Labor Costs and Availability

The unemployment rate will fall below 3% for the first time since the 1950s. Add in the change in how labor is approaching the workplace and the dramatic increases in wages, and managing for labor costs is going to be difficult for some time ahead.

With the high number of job openings, more employees than ever resigning jobs, and the incredibly low unemployment rate, an explosion in wages will only continue, even more so than in the late 90s when the wage explosion was more limited to specific sectors. This time, it is across every sector. This wage rate explosion will also foster more inflation.

Borrowing Rates

With unemployment rates so low and inflation so high, the Fed has no choice but to increase rates faster. The quarter-point increase of March 2022 was the Fed putting a toe in the pool, but they will have to dive in. The subsequent two rate increases will be a half-point to cool the economy.

The most salient outcome of these increases for CFOs will be borrowing rates.

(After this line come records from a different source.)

(* Let $n\ge 3$ and let $B$ be a set of points in $PG(n,q)$ whose span $\langle B\rangle$ has dimension at least $3$. Suppose that every point $R\notin B$ lying on at least one secant line to $B$ lies on no tangent line to $B$. Then $|B|\geq 3q$.
   Context: A secant line to $B$ is a line meeting $B$ in at least two points. A tangent line to $B$ is a line meeting $B$ in exactly one point. *)

From HB Require Import structures.
From mathcomp Require Import all_boot all_order all_algebra all_fingroup all_field.
Set Implicit Arguments. Unset Strict Implicit. Unset Printing Implicit Defensive.
Import GRing.Theory.
Local Open Scope ring_scope.

(* PG(n,q) over a finite field F with #|F| = q: projective k-subspaces are
   (k+1)-dimensional subspaces of F^(n+1), represented canonically by their
   row-space matrix <<A>>%MS (so equality of subspaces is Leibniz equality). *)
Definition is_psub (F : fieldType) (n k : nat) (A : 'M[F]_(n.+1)) : bool :=
  (\rank A == k.+1)%N && (<<A>>%MS == A).

Definition PGpoint (F : finFieldType) (n : nat) :=
  {A : 'M[F]_(n.+1) | is_psub 0 A}.

Definition PGline (F : finFieldType) (n : nat) :=
  {A : 'M[F]_(n.+1) | is_psub 1 A}.

Definition on_line (F : finFieldType) (n : nat) (P : PGpoint F n) (L : PGline F n) : bool :=
  (val P <= val L)%MS.

Definition meet_count (F : finFieldType) (n : nat) (B : {set PGpoint F n}) (L : PGline F n) : nat :=
  #|[set P in B | on_line P L]|.

Definition secant (F : finFieldType) (n : nat) (B : {set PGpoint F n}) (L : PGline F n) : Prop :=
  (2 <= meet_count B L)%N.

Definition tangent (F : finFieldType) (n : nat) (B : {set PGpoint F n}) (L : PGline F n) : Prop :=
  meet_count B L = 1%N.
(* Let $N$ be a natural number, $P=\{a\subseteq N: |a|\geq 2\}$, and let $\|\cdot\|_3$ be the graph coloring norm on subsets of $P$ (defined in the context). Let $n$ be a natural number and $A\subseteq P$. If $A$ can be split by $2^n$ sets, then $\|A\|_3\leq n$.
   Context: $N=\{0,\ldots,N-1\}$. For $A\subseteq P$ and $z\subseteq N$ let $A\restriction z=\{a\in A: a\subseteq z\}$. The relation ''$\|A\|_3\geq m$'' is defined recursively: $\|A\|_3\geq 0$ always; $\|A\|_3\geq 1$ iff $A\neq\emptyset$; for $m\geq 1$, $\|A\|_3\geq m+1$ iff for every $z\subseteq N$ either $\|A\restriction z\|_3\geq m$ or $\|A\restriction(N\setminus z)\|_3\geq m$. Then $\|A\|_3$ is the largest $m$ with $\|A\|_3\geq m$. $A$ is split by sets $V_0,\ldots,V_{c-1}$ (pairwise disjoint, possibly empty, with union $N$) if $A\restriction V_j=\emptyset$ for every $j<c$; $A$ can be split by $c$ sets if such a partition of $N$ into $c$ sets exists. *)

(* N = {0,...,N-1} is 'I_N; subsets of N are {set 'I_N}. *)
From mathcomp Require Import all_boot all_order.
Set Implicit Arguments. Unset Strict Implicit. Unset Printing Implicit Defensive.

Definition Pset (N : nat) : {set {set 'I_N}} := [set a : {set 'I_N} | 2 <= #|a|].

Definition restr (N : nat) (A : {set {set 'I_N}}) (z : {set 'I_N}) : {set {set 'I_N}} :=
  [set a in A | a \subset z].

(* norm3_ge A m  <=>  ||A||_3 >= m, by the recursive definition. *)
Fixpoint norm3_ge (N : nat) (A : {set {set 'I_N}}) (m : nat) {struct m} : bool :=
  match m with
  | 0 => true
  | 1 => A != set0
  | (k.+1 as m').+1 =>
      [forall z : {set 'I_N}, norm3_ge (restr A z) m' || norm3_ge (restr A (~: z)) m']
  end.

Definition norm3_le (N : nat) (A : {set {set 'I_N}}) (n : nat) : Prop :=
  forall m, norm3_ge A m -> m <= n.

Definition split_by (N c : nat) (A : {set {set 'I_N}}) (V : 'I_c -> {set 'I_N}) : Prop :=
  (forall i j : 'I_c, i != j -> [disjoint V i & V j]) /\
  (\bigcup_(j < c) V j = setT) /\
  (forall j : 'I_c, restr A (V j) = set0).

Definition can_be_split (N : nat) (A : {set {set 'I_N}}) (c : nat) : Prop :=
  exists V : 'I_c -> {set 'I_N}, split_by A V.

From mathcomp Require Import all_boot all_order.

(* If the sets V_j (j < 2^(n+1)) cover N and none contains a member of A,
   let z be the union of the first 2^n of them.  The sets V_j :|: ~: z of
   the first half cover N and contain no member of restr A z, and
   symmetrically the sets V_j :|: z of the second half do so for
   restr A (~: z).  By induction neither restriction has norm above n, so z
   witnesses that ||A||_3 >= n+2 fails. *)

Set Implicit Arguments.
Unset Strict Implicit.
Unset Printing Implicit Defensive.

Section Norm3.

Variable N : nat.
Implicit Types (A : {set {set 'I_N}}) (V z : {set 'I_N}) (s : seq {set 'I_N}).

Lemma restrT A : restr A setT = A.
Proof. by apply/setP=> a; rewrite inE subsetT andbT. Qed.

Lemma norm3_geSS A m :
  norm3_ge A m.+2 =
  [forall z, norm3_ge (restr A z) m.+1 || norm3_ge (restr A (~: z)) m.+1].
Proof. by []. Qed.

Lemma norm3_geSn A m : norm3_ge A m.+1 -> norm3_ge A m.
Proof.
elim: m A => [|[|m] IHm] A //.
- rewrite /= => /forallP/(_ setT); rewrite restrT => /orP[// | /set0Pn[a]].
  by rewrite inE => /andP[aA _]; apply/set0Pn; exists a.
- rewrite !norm3_geSS => /forallP restr_ge; apply/forallP=> z.
  by case/orP: (restr_ge z) => /IHm ->; rewrite ?orbT.
Qed.

Lemma norm3_ge_leq A k m : k <= m -> norm3_ge A m -> norm3_ge A k.
Proof.
move=> /subnK <-; elim: (m - k) => [//|d IHd].
by rewrite addSn => /norm3_geSn/IHd.
Qed.

Lemma norm3_le_of_not_ge A n : ~~ norm3_ge A n.+1 -> norm3_le A n.
Proof.
move=> not_ge m ge_m; rewrite leqNgt; apply: contra not_ge => lt_nm.
exact: norm3_ge_leq ge_m.
Qed.

Definition independent A V : bool := restr A V == set0.

Definition independent_cover A s : Prop :=
  \bigcup_(V <- s) V = setT /\ all (independent A) s.

Lemma independent_restr A V z :
  independent A V -> independent (restr A z) (V :|: ~: z).
Proof.
move/eqP/setP=> restrV; apply/eqP/setP=> a; rewrite !inE -andbA.
apply/negbTE/and3P=> -[aA az aVz]; move: (restrV a); rewrite !inE aA /=.
suff -> : a \subset V by [].
apply/subsetP=> x ax; move/subsetP/(_ x ax): aVz.
by rewrite !inE (subsetP az x ax) orbF.
Qed.

Lemma independent_cover_restr A s z :
  s != [::] -> z \subset \bigcup_(V <- s) V -> all (independent A) s ->
  independent_cover (restr A z) [seq V :|: ~: z | V <- s].
Proof.
case: s => [//|V0 s] _; rewrite bigcup_seq => z_sub indep; split.
- apply/setP=> x; rewrite inE big_map bigcup_seq; apply/bigcupP.
  have [xz | xNz] := boolP (x \in z).
    have /bigcupP[V Vs xV] := subsetP z_sub x xz.
    by exists V; rewrite // inE xV.
  by exists V0; rewrite ?mem_head // !inE xNz orbT.
- rewrite all_map; apply/allP=> V Vs.
  exact: independent_restr (allP indep V Vs).
Qed.

Lemma independent_cover_norm3 n A s :
  independent_cover A s -> size s = 2 ^ n -> ~~ norm3_ge A n.+1.
Proof.
elim: n A s => [|n IHn] A s [cover indep] size_s.
  case: s size_s cover indep => [|V []] //= _.
  by rewrite big_seq1 andbT /independent negbK => ->; rewrite restrT => ->.
have size_s2 : size s = 2 ^ n + 2 ^ n by rewrite size_s expnS mul2n addnn.
have size_half : size (take (2 ^ n) s) = 2 ^ n.
  by rewrite size_take size_s2 -[X in X < _]addn0 ltn_add2l expn_gt0.
have size_rest : size (drop (2 ^ n) s) = 2 ^ n.
  by rewrite size_drop size_s2 addnK.
have nonempty (t : seq {set 'I_N}) : size t = 2 ^ n -> t != [::].
  by move=> size_t; rewrite -size_eq0 size_t expn_eq0.
have [indep1 indep2] : all (independent A) (take (2 ^ n) s) /\
                       all (independent A) (drop (2 ^ n) s).
  by apply/andP; rewrite -all_cat cat_take_drop.
set z := \bigcup_(V <- take (2 ^ n) s) V.
have rest_cover : ~: z \subset \bigcup_(V <- drop (2 ^ n) s) V.
  apply/subsetP=> x; rewrite inE => xNz.
  have : x \in z :|: \bigcup_(V <- drop (2 ^ n) s) V.
    by rewrite /z -big_cat cat_take_drop cover inE.
  by rewrite inE (negbTE xNz).
rewrite norm3_geSS negb_forall; apply/existsP; exists z.
rewrite negb_or; apply/andP; split.
- have := independent_cover_restr (nonempty _ size_half) (subxx z) indep1.
  by move/IHn; apply; rewrite size_map.
- have := independent_cover_restr (nonempty _ size_rest) rest_cover indep2.
  by move/IHn; apply; rewrite size_map.
Qed.

End Norm3.

Theorem theorem5p10 (N n : nat) (A : {set {set 'I_N}}) :
  A \subset Pset N -> can_be_split A (2 ^ n) -> norm3_le A n.
Proof.
move=> _ [V [_ [cover empty_restr]]]; apply: norm3_le_of_not_ge.
apply: (@independent_cover_norm3 _ n A [seq V j | j <- enum 'I_(2 ^ n)]).
- split; first by rewrite big_map big_enum.
  by rewrite all_map; apply/allP=> j _; rewrite /= /independent empty_restr.
- by rewrite size_map size_enum_ord.
Qed.
(* Integer coordinates, relative to [p^-1 L], of a basis of [sublat W]: lifts
   of the rows of the pivoted basis [A] of [W], and [p e_j] for the non-pivot
   columns [j].  Up to permutation it is block triangular with diagonal blocks
   [1] and [p%:M], hence invertible. *)
Definition sublat_coords (T : nzRingType) : 'M[T]_n :=
  \matrix_(j, c) match pivot_of j with
                 | Some i => ((A i c : nat)%:R : T)
                 | None => (p * (j == c))%:R end.

Lemma pivot_val i i' : (A i (f i') : nat) = (i == i').
Proof.
by rewrite A_piv val_Fp_nat // modn_small // (leq_ltn_trans (leq_b1 _)) ?prime_gt1.
Qed.

Lemma sublat_coords_pivot (T : nzRingType) (y : 'rV[T]_n) i :
  (y *m sublat_coords T) 0 (f i) = y 0 (f i).
Proof.
rewrite mxE (bigID (mem pivots)) /= big_imset /=; last by move=> ? ? _ _; apply: f_inj.
rewrite (bigD1 i) //= big1 => [|i' ne_i'i]; last first.
  by rewrite mxE pivot_of_f pivot_val (negPf ne_i'i) mulr0.
rewrite big1 => [|j jN]; last first.
  rewrite mxE pivot_of_notin //; case: eqP => [ej|]; last by rewrite muln0 mulr0.
  by move: jN; rewrite ej imset_f.
by rewrite mxE pivot_of_f pivot_val eqxx mulr1 !addr0.
Qed.

Lemma sublat_coords_npivot (T : nzRingType) (y : 'rV[T]_n) c : c \notin pivots ->
  (y *m sublat_coords T) 0 c = \sum_i y 0 (f i) * (A i c : nat)%:R + y 0 c * p%:R.
Proof.
move=> cN; rewrite mxE (bigID (mem pivots)) /= big_imset /=; last first.
  by move=> ? ? _ _; apply: f_inj.
congr (_ + _); first by apply: eq_bigr => i _; rewrite mxE pivot_of_f.
rewrite (bigD1 c) //= big1 => [|j /andP[jN ne_jc]]; last first.
  by rewrite mxE pivot_of_notin // (negPf ne_jc) muln0 mulr0.
by rewrite mxE pivot_of_notin // eqxx muln1 addr0.
Qed.

Lemma map_sublat_coords (T : nzRingType) :
  map_mx (fun a : int => a%:~R) (sublat_coords int) = sublat_coords T.
Proof. by apply/matrixP => j c; rewrite !mxE; case: pivot_of => [i|]; exact: rmorph_nat. Qed.

Lemma sublat_coords_Fp_sub : (sublat_coords 'F_p <= A)%MS.
Proof.
apply/row_subP => j; case e: (pivot_of j) => [i|].
  have -> : row j (sublat_coords 'F_p) = row i A.
    by apply/rowP => c; rewrite !mxE e natr_Zp.
  exact: row_sub.
have -> : row j (sublat_coords 'F_p) = 0.
  by apply/rowP => c; rewrite !mxE e natrM (pchar_Fp_0 p_pr) mul0r.
exact: sub0mx.
Qed.

Lemma redp_sub_pivotP z : (redp z <= A)%MS <-> exists y, z = y *m sublat_coords int.
Proof.
split=> [/submxP[u ez]|[y ->]]; last first.
  rewrite /redp map_mxM /= map_sublat_coords.
  exact: submx_trans (submxMl _ _) sublat_coords_Fp_sub.
have uf i : u 0 i = redp z 0 (f i).
  rewrite ez mxE (bigD1 i) //= A_piv eqxx mulr1 big1 ?addr0 // => i' ne_i'i.
  by rewrite A_piv (negPf ne_i'i) mulr0.
pose d c := (z 0 c - \sum_i z 0 (f i) * (A i c : nat)%:R)%R.
have p_dvd_d c : (p %| d c)%Z.
  rewrite (dvdz_pcharf (pchar_Fp p_pr)) rmorphB rmorph_sum /=.
  under eq_bigr do rewrite rmorphM rmorph_nat /= natr_Zp.
  have := congr1 (fun v : 'rV['F_p]_n => v 0 c) ez; rewrite !mxE => ->.
  by rewrite subr_eq0; apply/eqP/eq_bigr => i _; rewrite uf mxE.
exists (\row_j match pivot_of j with Some _ => z 0 j | None => (d j %/ p)%Z end).
apply/rowP => c; have [/imsetP[i _ ->]|cN] := boolP (c \in pivots).
  by rewrite sublat_coords_pivot mxE pivot_of_f.
rewrite sublat_coords_npivot // mxE pivot_of_notin //.
under eq_bigr do rewrite mxE pivot_of_f.
by rewrite natz divzK // /d addrC subrK.
Qed.

Lemma sublat_coords_unit : sublat_coords R \in unitmx.
Proof.
rewrite -row_free_unit -kermx_eq0; apply/eqP/row_matrixP => i; rewrite row0.
set y := row i _.
have yB : y *m sublat_coords R = 0 by apply/sub_kermxP; exact: row_sub.
have y_piv i0 : y 0 (f i0) = 0 by rewrite -(sublat_coords_pivot y) yB mxE.
apply/rowP => c; rewrite [RHS]mxE; have [/imsetP[i0 _ ->] | cN] := boolP (c \in pivots).
  exact: y_piv.
have := sublat_coords_npivot y cN; rewrite yB mxE big1 => [|i' _]; last first.
  by rewrite y_piv mul0r.
by rewrite add0r => /esym/eqP; rewrite mulf_eq0 (negPf pnatr_neq0) orbF => /eqP.
Qed.

Definition sublat_basis := p%:R^-1 *: (sublat_coords R *m B0).

Lemma sublat_basis_unit : sublat_basis \in unitmx.
Proof.
rewrite unitmxZ ?unitfE ?invr_eq0 ?pnatr_neq0 //.
by rewrite unitmx_mul sublat_coords_unit B0_unit.
Qed.

Lemma mul_sublat_basis y :
  map_mx (fun a : int => a%:~R) y *m sublat_basis = divp_pt (y *m sublat_coords int).
Proof. by rewrite /divp_pt map_mxM map_sublat_coords /sublat_basis -scalemxAr mulmxA. Qed.

Lemma sublat_is_lattice W : (A == W)%MS -> is_lattice (sublat W).
Proof.
move=> AW; exists sublat_basis; split; first exact: sublat_basis_unit.
apply/seteqP; split => x.
  move=> [z ->]; rewrite -(eqmxP AW) => /redp_sub_pivotP[y ->].
  by exists y; rewrite mul_sublat_basis.
move=> [y ->]; rewrite mul_sublat_basis; apply/sublat_divp_ptP.
by rewrite -(eqmxP AW); apply/redp_sub_pivotP; exists y.
Qed.

End PivotBasis.

Lemma sublat_quot_dim k (A : 'M['F_p]_(k, n)) W : (A == W)%MS -> row_free A ->
  quot_dim p (sublat W) L k.
Proof.
move=> AW A_free; exists (fun i => divp_pt (lift_Fp (row i A))); split.
  by move=> i; apply/sublat_divp_ptP; rewrite redp_lift_Fp -(eqmxP AW) row_sub.
move=> _ [z -> zW].
have lat_diffP (c : 'I_k -> nat) :
    L (divp_pt z - \sum_i (c i)%:R *: divp_pt (lift_Fp (row i A))) <->
    redp z = \sum_i (c i)%:R *: row i A.
  under eq_bigr do rewrite scaler_nat -raddfMn.
  rewrite -raddf_sum -raddfB lattice_divp_ptP raddfB raddf_sum /=.
  under eq_bigr do rewrite raddfMn /= redp_lift_Fp -scaler_nat.
  by split=> [/eqP|->]; rewrite ?subrr // subr_eq0 => /eqP.
rewrite -(eqmxP AW) in zW; case/submxP: zW => u ez.
pose a : {ffun 'I_k -> 'I_p} := [ffun i => cast_ord (Fp_cast p_pr) (u 0 i)].
have av i : ((a i : nat)%:R : 'F_p) = u 0 i by rewrite ffunE /= natr_Zp.
exists a; split.
  by apply/lat_diffP; rewrite ez mulmx_sum_row; apply: eq_bigr => i _; rewrite av.
move=> a' /lat_diffP e'; apply/ffunP => i; apply/val_inj => /=.
have : \row_i ((a' i : nat)%:R : 'F_p) = u.
  apply: (row_free_inj A_free); rewrite /= -ez e' mulmx_sum_row.
  by apply: eq_bigr => i' _; rewrite mxE.
move/rowP/(_ i); rewrite mxE ffunE /= => <-.
by rewrite val_Fp_nat // modn_small.
Qed.

Lemma sublat_subsetP W1 W2 : (sublat W1 `<=` sublat W2)%classic <-> (W1 <= W2)%MS.
Proof.
split=> [sub12|W12 _ [z -> zW1]]; last by exists z => //; apply: submx_trans W12.
apply/row_subP => i.
have /sub12 /sublat_divp_ptP : sublat W1 (divp_pt (lift_Fp (row i W1))).
  by apply/sublat_divp_ptP; rewrite redp_lift_Fp row_sub.
by rewrite redp_lift_Fp.
Qed.

Lemma sublat_properP W1 W2 : (sublat W1 `<` sublat W2)%classic <-> (W1 < W2)%MS.
Proof.
rewrite ltmxE; split=> [[/sublat_subsetP -> /sublat_subsetP/negP //]|].
by case/andP=> /sublat_subsetP W12 /negP W21; split=> // /sublat_subsetP.
Qed.

Lemma sublat0 : sublat 0 = L.
Proof.
apply/seteqP; split=> [_ [z ->]|x /latticeP[z -> z0]].
  by rewrite submx0 => /eqP z0; apply/lattice_divp_ptP.
by exists z; rewrite ?z0 ?sub0mx.
Qed.

Lemma sublat1 : sublat 1%:M = lat_div p L.
Proof.
apply/seteqP; split=> [x [z -> _]|x /lat_divP[z ->]]; first by apply/lat_divP; exists z.
by apply/sublat_divp_ptP; exact: submx1.
Qed.

Lemma sublat_Lk k W : (1 <= k <= n - 1)%N -> W \in subspaces_through 0 k ->
  Lk p k L (sublat W).
Proof.
move=> /andP[k_gt0 le_kn]; rewrite inE => /and3P[_ /eqP rW _].
have [A [f [f_inj AW A_piv]]] := pivot_basis rW.
have A_free : row_free A by rewrite /row_free (eqmx_rank AW) rW.
split.
- exact: (sublat_is_lattice f_inj A_piv AW).
- rewrite -sublat0; apply/sublat_properP; rewrite lt0mx.
  by apply: contraTneq k_gt0 => W0; rewrite -rW W0 mxrank0.
- rewrite -sublat1; apply/sublat_properP; rewrite ltmx1 /row_full rW.
  by apply/eqP => ekn; move: le_kn k_gt0; rewrite ekn; lia.
- exact: sublat_quot_dim AW A_free.
Qed.

Lemma sublat_inj k : {in subspaces_through 0 k &, injective sublat}.
Proof.
move=> W1 W2; rewrite !inE => /and3P[/eqP gW1 _ _] /and3P[/eqP gW2 _ _] e12.
rewrite -gW1 -gW2; apply/genmxP/andP.
by split; apply/sublat_subsetP; rewrite e12.
Qed.

Section RedSet.
Variables (BM : 'M[R]_n).
Local Notation M := (lattice_of BM).
Hypotheses (LM : (L `<=` M)%classic) (M_div : (M `<=` lat_div p L)%classic).

Definition redset : {set 'rV['F_p]_n} :=
  [set v | `[< exists2 z, M (divp_pt z) & redp z = v >]]%SET.

Lemma mem_redset v : v \in redset <-> exists2 z, M (divp_pt z) & redp z = v.
Proof. by rewrite inE asboolE. Qed.

Lemma redset_divp_pt z : M (divp_pt z) -> redp z \in redset.
Proof. by move=> Mz; apply/mem_redset; exists z. Qed.

Lemma submx_redset v : (v <= set_mx redset)%MS = (v \in redset).
Proof.
apply: submx_set_mx => [|_ _ /mem_redset[z1 Mz1 <-] /mem_redset[z2 Mz2 <-]|c _ /mem_redset[z Mz <-]].
- by rewrite -(raddf0 redp); apply: redset_divp_pt; rewrite raddf0; exact: lattice_of0.
- by rewrite -raddfD; apply: redset_divp_pt; rewrite raddfD; exact: lattice_ofD.
- rewrite -[c]natr_Zp scaler_nat -raddfMn; apply: redset_divp_pt.
  by rewrite raddfMn; exact: lattice_ofMn.
Qed.
(* Let $\phi\in C^4(\mathbb{R})$ be a profile function of a graph-like forward self-similar solution to the planar surface diffusion flow, i.e. $$\frac{\phi(x_1) - x_1\phi'(x_1)}{4\,v(x_1)} = -\frac{1}{v}\frac{d}{dx_1}\Big(\frac{1}{v}\frac{dk}{dx_1}\Big)\quad\text{on }\mathbb{R},\qquad v=\sqrt{1+(\phi')^2},\ k=\phi''/v^3.$$ Assume $\phi$ is globally Lipschitz and $\phi' - a_0\in L^1(\mathbb{R})$ for some $a_0\in\mathbb{R}$. Then $\phi(x_1) = a_0 x_1$ for all $x_1\in\mathbb{R}$.
   Context: The displayed equation is the profile equation $\frac{x\cdot\mathbf{n}}{4}=-\partial_s^2 k$ for the graph $\Gamma_*=\{(x_1,\phi(x_1))\}$ with upward normal $\mathbf{n}=(-\phi',1)/v$, curvature $k$ and arc-length derivative $\partial_s=v^{-1}\partial_{x_1}$, so that $t^{1/4}\Gamma_*$ solves the surface diffusion flow $V=-\partial_s^2 k$. *)

From HB Require Import structures.
From mathcomp Require Import all_boot all_order all_algebra.
From mathcomp Require Import all_classical all_reals all_analysis.
Set Implicit Arguments. Unset Strict Implicit. Unset Printing Implicit Defensive.
Import Order.TTheory GRing.Theory Num.Theory.
Import numFieldNormedType.Exports.
Local Open Scope ring_scope.
Local Open Scope classical_set_scope.

Definition C4 {R : realType} (f : R -> R) : Prop :=
  (forall k : nat, (k < 4)%N -> forall x : R, derivable (derive1n k f) x 1) /\
  continuous (derive1n 4 f).

Definition vfun {R : realType} (phi : R -> R) (x : R) : R :=
  Num.sqrt (1 + (derive1 phi x) ^+ 2).

Definition kfun {R : realType} (phi : R -> R) (x : R) : R :=
  (derive1n 2 phi x) / (vfun phi x) ^+ 3.

Definition sdf_profile {R : realType} (phi : R -> R) : Prop :=
  forall x : R,
    (phi x - x * derive1 phi x) / (4 * vfun phi x)
    = - (1 / vfun phi x) *
        derive1 (fun y => (1 / vfun phi y) * derive1 (kfun phi) y) x.

Definition globally_lipschitz {R : realType} (f : R -> R) : Prop :=
  exists L : R, forall x y : R, `|f x - f y| <= L * `|x - y|.

From HB Require Import structures.
From mathcomp Require Import all_boot all_order all_algebra.
From mathcomp Require Import all_classical all_reals all_analysis.
From mathcomp Require Import ring lra.
Import Order.TTheory GRing.Theory Num.Theory.
Import numFieldNormedType.Exports.
Local Open Scope ring_scope.
Local Open Scope classical_set_scope.

(* The profile equation makes [Pmon] nondecreasing, with derivative
   [angle_defect a0 phi' + 4 v ks^2], and the angle defect vanishes only where
   [phi' = a0]. If [phi'] is not constantly [a0], [Pmon] is thus bounded away from 0,
   with a sign, near [+oo] or near [-oo]. There the identity for [(k^2)'] makes [k^2]
   grow linearly, the errors being controlled by the integrable [|phi' - a0|] and by
   [phi - a0 x], bounded for the same reason; but [|k| <= |phi''|] and [phi'] is
   bounded, so [k^2 < 1] somewhere on every long interval. If instead
   [phi' = a0] everywhere, the curvature vanishes and the profile equation reads
   [phi = a0 x]. *)

Section real_derivatives.
Context {R : realType}.
Implicit Types (f F df dF : R -> R) (a b c C L x : R).

Lemma is_derive1_ndecr {f} df {a b} : (forall x, is_derive x 1 f (df x)) ->
  (forall x, a <= x <= b -> 0 <= df x) -> a <= b -> f a <= f b.
Proof.
move=> fdf df_ge0 ab; rewrite -subr_ge0.
have fd x : derivable f x 1 by case: (fdf x).
have [z /[!in_itv]/= zab ->] := MVT_segment ab (fun x _ => fdf x)
  (derivable_within_continuous (fun x _ => fd x)).
by rewrite mulr_ge0 ?df_ge0 ?subr_ge0.
Qed.

Lemma ler_increment_derive {f F} df dF {a b} c C :
  (forall x, is_derive x 1 f (df x)) -> (forall x, is_derive x 1 F (dF x)) ->
  (forall x, a <= x <= b -> c - C * dF x <= df x) -> a <= b ->
  c * (b - a) - C * (F b - F a) <= f b - f a.
Proof.
move=> fdf FdF hdf ab.
suff : f a - c * a + C * F a <= f b - c * b + C * F b by lra.
apply: (is_derive1_ndecr (f := fun x => f x - c * x + C * F x)
  (fun x => df x - c + C * dF x)) => // [x|x /hdf]; last by lra.
by apply: is_derive_eq; rewrite -[c%:A]/(c * 1) mulr1.
Qed.

Lemma ler_dist_increment {f F} df dF {a b} :
  (forall x, is_derive x 1 f (df x)) -> (forall x, is_derive x 1 F (dF x)) ->
  (forall x, a <= x <= b -> `|df x| <= dF x) -> a <= b ->
  `|f b - f a| <= F b - F a.
Proof.
move=> fdf FdF hdf ab.
have up : F a - f a <= F b - f b.
  apply: (is_derive1_ndecr (f := fun x => F x - f x) (fun x => dF x - df x)) => // x /hdf.
  by rewrite subr_ge0; apply: le_trans; rewrite ler_norm.
have low : F a + f a <= F b + f b.
  apply: (is_derive1_ndecr (f := fun x => F x + f x) (fun x => dF x + df x)) => // x /hdf.
  by rewrite -lerBlDr sub0r; apply: le_trans; rewrite -normrN ler_norm.
by rewrite ler_norml; apply/andP; split; lra.
Qed.

Lemma lipschitz_norm_derive1_le f L x : derivable f x 1 ->
  (forall y, `|f y - f x| <= L * `|y - x|) -> `|f^`() x| <= L.
Proof.
move=> fx fL; rewrite derive1E /derive -lim_norm //.
apply: limr_le; first exact: is_cvg_norm.
near=> h.
have h0 : h != 0 by near: h; exact: nbhs_dnbhs_neq.
rewrite /= normrZ normfV ler_pdivrMl ?normr_gt0 // -[h%:A]/(h * 1) mulr1 mulrC.
by have := fL (h + x); rewrite addrK.
Unshelve. all: by end_near. Qed.

Lemma exists_small_derive1 {f L a b} : (forall x, derivable f x 1) ->
  (forall x, `|f x| <= L) -> a < b ->
  exists2 c, c \in `]a, b[%R & `|f^`() c| * (b - a) <= L *+ 2.
Proof.
move=> fd fL ab.
have [c cab fbfa] := MVT ab (fun x _ => derivableP (fd x))
  (derivable_within_continuous (fun x _ => fd x)).
exists c => //.
rewrite derive1E -(gtr0_norm (_ : 0 < b - a)) ?subr_gt0 // -normrM -fbfa.
by rewrite mulr2n (le_trans (ler_normB _ _)) ?lerD.
Qed.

Expect lines of credit to show some considerable interest rate jumps, so the cost of utilizing credit will take a bigger hit on the bottom line. EBITDA is in jeopardy from inflation increases, and post EBITDA will be under pressure from rates.

Recession Concerns

Inflation running hot, an unemployment rate below full employment and the need for more significant rate increases could mean the Fed needs to institute an 80’s style Reagan era recession to cool the economy. It’s telling that inflation is running as high as 1981’s rates. Will there be a Paul Volker-style induced recession and then the tremendous post-recession growth that came as Volker reduced rates? It’s possible.

Supply Chain and Cash Flow

While supply chains were working themselves out, the explosion of COVID-19 in China and the war in Ukraine have once again constrained them. China doesn’t just take precautions with COVID-19; they shut everything down. The fact that China has had almost no proliferation of COVID-19 due to past lockdowns means the entire country is at risk, potentially impacting supply chains throughout the year.

An inability to get materials or supplies constrains cash flow if projects can’t be completed on time. Add in the tremendous shortage of truck drivers, and getting product off the dock is an issue.

Fractional CFO like at Daaxit are planning on construction clients again struggling with increased building products prices and availability issues. Where this takes home prices and the new home market is a big question. Will we see slowed home buying despite a shortage of inventory? Slowed home-buying means other purchases start to slow as well.


There are some enormous challenges out there in 2022. Financial management won’t be easy this year, and CFOs will be the most crucial person in the organization. The one positive trend that has kept up despite everything is consumer spending, but consumer sentiment is falling quickly. It’ll be interesting to see if spending and sentiment disconnect.

May your 2022 be successful; hopefully, a few of these issues will resolve themselves more rapidly or won’t be as severe. No matter what, the CFO’s job this year isn’t just important; it’s crucial.